* Exercise: Filter the entries below, keeping only lines with the word "mulrC".

-------- Records supplied

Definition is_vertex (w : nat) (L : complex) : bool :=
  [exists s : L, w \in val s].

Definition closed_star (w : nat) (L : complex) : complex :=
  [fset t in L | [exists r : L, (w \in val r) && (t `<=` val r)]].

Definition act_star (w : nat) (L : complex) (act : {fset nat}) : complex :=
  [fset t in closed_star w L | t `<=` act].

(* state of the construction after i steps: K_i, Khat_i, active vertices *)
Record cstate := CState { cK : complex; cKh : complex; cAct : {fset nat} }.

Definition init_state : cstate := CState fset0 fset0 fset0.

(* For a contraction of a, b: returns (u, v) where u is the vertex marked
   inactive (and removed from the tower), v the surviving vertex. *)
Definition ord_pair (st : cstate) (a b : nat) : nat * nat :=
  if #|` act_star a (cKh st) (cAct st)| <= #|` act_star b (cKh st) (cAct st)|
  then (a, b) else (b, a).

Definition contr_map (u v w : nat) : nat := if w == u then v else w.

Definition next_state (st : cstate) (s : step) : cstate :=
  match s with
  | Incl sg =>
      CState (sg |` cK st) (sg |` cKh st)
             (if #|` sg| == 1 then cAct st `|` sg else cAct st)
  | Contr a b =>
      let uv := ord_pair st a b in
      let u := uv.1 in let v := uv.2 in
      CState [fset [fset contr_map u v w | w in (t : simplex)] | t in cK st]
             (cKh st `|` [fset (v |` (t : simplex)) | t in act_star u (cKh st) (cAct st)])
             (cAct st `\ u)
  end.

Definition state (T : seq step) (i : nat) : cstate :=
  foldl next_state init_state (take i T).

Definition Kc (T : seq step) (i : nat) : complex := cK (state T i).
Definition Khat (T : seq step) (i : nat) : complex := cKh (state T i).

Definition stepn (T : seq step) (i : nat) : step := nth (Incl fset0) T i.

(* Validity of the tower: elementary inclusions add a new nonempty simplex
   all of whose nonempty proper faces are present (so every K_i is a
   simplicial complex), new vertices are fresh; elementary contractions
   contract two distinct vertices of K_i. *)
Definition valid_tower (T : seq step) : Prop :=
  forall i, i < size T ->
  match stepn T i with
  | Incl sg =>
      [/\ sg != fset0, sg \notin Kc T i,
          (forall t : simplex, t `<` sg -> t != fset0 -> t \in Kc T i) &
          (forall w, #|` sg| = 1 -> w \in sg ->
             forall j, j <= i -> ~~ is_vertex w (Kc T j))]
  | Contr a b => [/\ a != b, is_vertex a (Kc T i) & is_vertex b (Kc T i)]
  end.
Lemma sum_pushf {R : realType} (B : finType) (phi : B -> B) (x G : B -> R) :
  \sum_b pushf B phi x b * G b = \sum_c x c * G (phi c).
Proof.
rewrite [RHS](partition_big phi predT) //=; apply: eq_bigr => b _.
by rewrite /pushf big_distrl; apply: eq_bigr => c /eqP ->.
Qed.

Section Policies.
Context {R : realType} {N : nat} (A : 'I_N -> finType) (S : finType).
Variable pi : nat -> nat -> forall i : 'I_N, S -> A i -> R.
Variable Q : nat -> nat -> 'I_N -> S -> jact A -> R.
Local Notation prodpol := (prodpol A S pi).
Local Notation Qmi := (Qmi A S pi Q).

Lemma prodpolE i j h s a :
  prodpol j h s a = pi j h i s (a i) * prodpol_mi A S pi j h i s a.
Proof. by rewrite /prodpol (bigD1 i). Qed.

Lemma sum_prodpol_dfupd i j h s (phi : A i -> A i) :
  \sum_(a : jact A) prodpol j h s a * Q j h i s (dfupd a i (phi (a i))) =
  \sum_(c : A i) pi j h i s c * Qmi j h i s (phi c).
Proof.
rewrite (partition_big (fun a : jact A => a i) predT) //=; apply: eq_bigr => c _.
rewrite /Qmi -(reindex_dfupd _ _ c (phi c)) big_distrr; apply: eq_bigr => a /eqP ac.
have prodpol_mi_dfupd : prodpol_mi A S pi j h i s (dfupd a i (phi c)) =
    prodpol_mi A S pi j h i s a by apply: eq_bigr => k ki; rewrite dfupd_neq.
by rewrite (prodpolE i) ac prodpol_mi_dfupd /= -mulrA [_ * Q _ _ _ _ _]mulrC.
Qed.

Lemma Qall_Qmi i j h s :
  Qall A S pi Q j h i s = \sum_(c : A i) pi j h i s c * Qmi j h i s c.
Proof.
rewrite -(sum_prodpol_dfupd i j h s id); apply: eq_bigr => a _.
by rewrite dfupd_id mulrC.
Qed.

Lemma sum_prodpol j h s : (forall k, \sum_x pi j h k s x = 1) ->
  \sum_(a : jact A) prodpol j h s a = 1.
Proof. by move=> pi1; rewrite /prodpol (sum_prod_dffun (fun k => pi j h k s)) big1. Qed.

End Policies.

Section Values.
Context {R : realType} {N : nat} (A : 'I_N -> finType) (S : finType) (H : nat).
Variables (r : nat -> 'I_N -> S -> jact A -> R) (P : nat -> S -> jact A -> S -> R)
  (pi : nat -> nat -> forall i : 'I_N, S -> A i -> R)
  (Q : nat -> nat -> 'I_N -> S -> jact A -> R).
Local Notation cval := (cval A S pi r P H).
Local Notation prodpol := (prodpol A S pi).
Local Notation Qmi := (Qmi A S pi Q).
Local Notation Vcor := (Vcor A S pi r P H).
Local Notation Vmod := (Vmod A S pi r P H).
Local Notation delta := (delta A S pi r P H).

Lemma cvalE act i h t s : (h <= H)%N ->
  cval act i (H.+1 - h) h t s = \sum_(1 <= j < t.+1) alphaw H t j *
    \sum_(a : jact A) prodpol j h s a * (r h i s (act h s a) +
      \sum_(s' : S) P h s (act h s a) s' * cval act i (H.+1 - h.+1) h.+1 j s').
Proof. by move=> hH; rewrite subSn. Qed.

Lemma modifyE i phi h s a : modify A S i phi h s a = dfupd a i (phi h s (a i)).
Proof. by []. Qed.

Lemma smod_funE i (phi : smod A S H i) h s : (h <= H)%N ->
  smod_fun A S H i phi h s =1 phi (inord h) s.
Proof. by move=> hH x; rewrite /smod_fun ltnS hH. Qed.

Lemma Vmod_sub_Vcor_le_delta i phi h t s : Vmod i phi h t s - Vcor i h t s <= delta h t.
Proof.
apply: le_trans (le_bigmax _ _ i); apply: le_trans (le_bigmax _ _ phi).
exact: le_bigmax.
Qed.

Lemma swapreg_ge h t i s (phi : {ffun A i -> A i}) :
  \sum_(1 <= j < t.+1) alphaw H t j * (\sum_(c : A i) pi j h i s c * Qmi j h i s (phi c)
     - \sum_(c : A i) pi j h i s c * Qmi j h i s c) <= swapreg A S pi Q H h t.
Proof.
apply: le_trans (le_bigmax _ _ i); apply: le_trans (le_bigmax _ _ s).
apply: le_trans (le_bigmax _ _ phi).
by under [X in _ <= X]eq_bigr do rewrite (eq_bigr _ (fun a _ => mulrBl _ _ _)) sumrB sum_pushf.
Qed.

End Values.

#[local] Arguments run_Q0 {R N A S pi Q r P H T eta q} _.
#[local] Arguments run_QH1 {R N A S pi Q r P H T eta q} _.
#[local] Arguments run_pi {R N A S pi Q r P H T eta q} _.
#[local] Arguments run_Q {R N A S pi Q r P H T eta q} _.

----------------

* Exercise response:
by rewrite (prodpolE i) ac prodpol_mi_dfupd /= -mulrA [_ * Q _ _ _ _ _]mulrC.
by rewrite dfupd_id mulrC.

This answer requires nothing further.